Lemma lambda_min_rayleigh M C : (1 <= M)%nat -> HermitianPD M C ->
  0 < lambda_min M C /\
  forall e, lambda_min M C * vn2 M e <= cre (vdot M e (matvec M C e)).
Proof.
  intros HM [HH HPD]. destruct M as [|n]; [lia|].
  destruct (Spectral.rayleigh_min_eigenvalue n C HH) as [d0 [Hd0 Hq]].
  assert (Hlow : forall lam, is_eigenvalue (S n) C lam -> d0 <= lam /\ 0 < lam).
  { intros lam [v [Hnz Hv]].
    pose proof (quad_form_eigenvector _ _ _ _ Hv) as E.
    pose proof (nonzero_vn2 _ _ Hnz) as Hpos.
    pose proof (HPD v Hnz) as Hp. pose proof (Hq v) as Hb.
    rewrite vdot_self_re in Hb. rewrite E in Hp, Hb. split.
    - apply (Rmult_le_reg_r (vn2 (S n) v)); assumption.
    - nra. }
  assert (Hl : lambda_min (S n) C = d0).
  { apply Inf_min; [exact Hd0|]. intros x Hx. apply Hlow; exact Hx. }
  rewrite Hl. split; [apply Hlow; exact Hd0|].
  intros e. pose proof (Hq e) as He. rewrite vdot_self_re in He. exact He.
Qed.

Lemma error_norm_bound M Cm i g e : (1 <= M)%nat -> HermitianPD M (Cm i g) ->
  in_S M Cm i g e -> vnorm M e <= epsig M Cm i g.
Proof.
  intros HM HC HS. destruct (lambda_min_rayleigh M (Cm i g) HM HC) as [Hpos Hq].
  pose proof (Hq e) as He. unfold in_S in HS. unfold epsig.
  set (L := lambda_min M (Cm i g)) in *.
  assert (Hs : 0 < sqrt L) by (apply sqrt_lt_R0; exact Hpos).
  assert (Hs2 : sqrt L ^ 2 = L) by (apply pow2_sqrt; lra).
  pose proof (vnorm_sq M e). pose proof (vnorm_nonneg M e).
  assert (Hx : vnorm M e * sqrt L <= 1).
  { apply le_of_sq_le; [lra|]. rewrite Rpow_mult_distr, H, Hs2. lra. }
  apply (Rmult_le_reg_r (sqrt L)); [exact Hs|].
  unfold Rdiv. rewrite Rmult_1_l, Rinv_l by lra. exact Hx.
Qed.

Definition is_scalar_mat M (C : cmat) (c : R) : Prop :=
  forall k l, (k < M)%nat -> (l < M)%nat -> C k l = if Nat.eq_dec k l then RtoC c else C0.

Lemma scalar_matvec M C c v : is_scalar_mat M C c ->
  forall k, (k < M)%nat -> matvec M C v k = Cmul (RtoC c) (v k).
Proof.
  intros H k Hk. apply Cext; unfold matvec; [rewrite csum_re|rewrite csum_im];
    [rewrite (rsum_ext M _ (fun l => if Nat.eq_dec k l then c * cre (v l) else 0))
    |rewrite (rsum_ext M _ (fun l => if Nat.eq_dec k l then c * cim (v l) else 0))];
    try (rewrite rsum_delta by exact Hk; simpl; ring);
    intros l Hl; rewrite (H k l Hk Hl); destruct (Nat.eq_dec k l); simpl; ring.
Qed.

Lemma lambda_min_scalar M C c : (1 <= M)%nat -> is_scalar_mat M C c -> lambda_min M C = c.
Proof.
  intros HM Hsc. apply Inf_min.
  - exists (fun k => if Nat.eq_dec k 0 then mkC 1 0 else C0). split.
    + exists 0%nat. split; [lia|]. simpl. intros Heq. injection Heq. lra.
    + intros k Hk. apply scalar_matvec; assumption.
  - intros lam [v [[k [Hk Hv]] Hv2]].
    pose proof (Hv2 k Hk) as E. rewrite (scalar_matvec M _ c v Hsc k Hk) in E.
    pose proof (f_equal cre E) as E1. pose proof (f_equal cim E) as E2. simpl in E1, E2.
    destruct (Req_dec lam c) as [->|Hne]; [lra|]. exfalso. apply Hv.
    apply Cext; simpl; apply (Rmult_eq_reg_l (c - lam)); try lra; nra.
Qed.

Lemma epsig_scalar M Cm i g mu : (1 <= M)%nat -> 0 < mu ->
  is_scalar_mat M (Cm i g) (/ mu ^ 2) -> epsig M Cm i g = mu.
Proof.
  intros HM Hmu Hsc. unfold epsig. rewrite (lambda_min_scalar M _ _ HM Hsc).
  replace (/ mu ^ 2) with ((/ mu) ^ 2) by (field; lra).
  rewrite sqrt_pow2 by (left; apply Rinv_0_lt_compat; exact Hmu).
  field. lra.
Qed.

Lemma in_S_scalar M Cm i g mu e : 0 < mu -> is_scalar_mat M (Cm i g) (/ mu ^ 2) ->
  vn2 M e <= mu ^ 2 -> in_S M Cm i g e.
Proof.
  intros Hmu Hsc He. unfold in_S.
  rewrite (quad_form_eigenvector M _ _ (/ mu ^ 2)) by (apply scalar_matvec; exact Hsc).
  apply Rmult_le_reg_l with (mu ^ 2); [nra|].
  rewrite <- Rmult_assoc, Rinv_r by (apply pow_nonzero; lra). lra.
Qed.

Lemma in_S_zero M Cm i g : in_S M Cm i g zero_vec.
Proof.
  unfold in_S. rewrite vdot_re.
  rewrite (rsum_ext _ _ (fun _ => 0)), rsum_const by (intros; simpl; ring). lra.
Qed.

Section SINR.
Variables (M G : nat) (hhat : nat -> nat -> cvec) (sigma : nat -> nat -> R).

# # # # #

• _Problem details_:
Go through the records above, find every line with the word "assert", and list those lines.

• _Answer to this exercise_:
  assert (Hlow : forall lam, is_eigenvalue (S n) C lam -> d0 <= lam /\ 0 < lam).
  assert (Hl : lambda_min (S n) C = d0).
  assert (Hs : 0 < sqrt L) by (apply sqrt_lt_R0; exact Hpos).
  assert (Hs2 : sqrt L ^ 2 = L) by (apply pow2_sqrt; lra).
  assert (Hx : vnorm M e * sqrt L <= 1).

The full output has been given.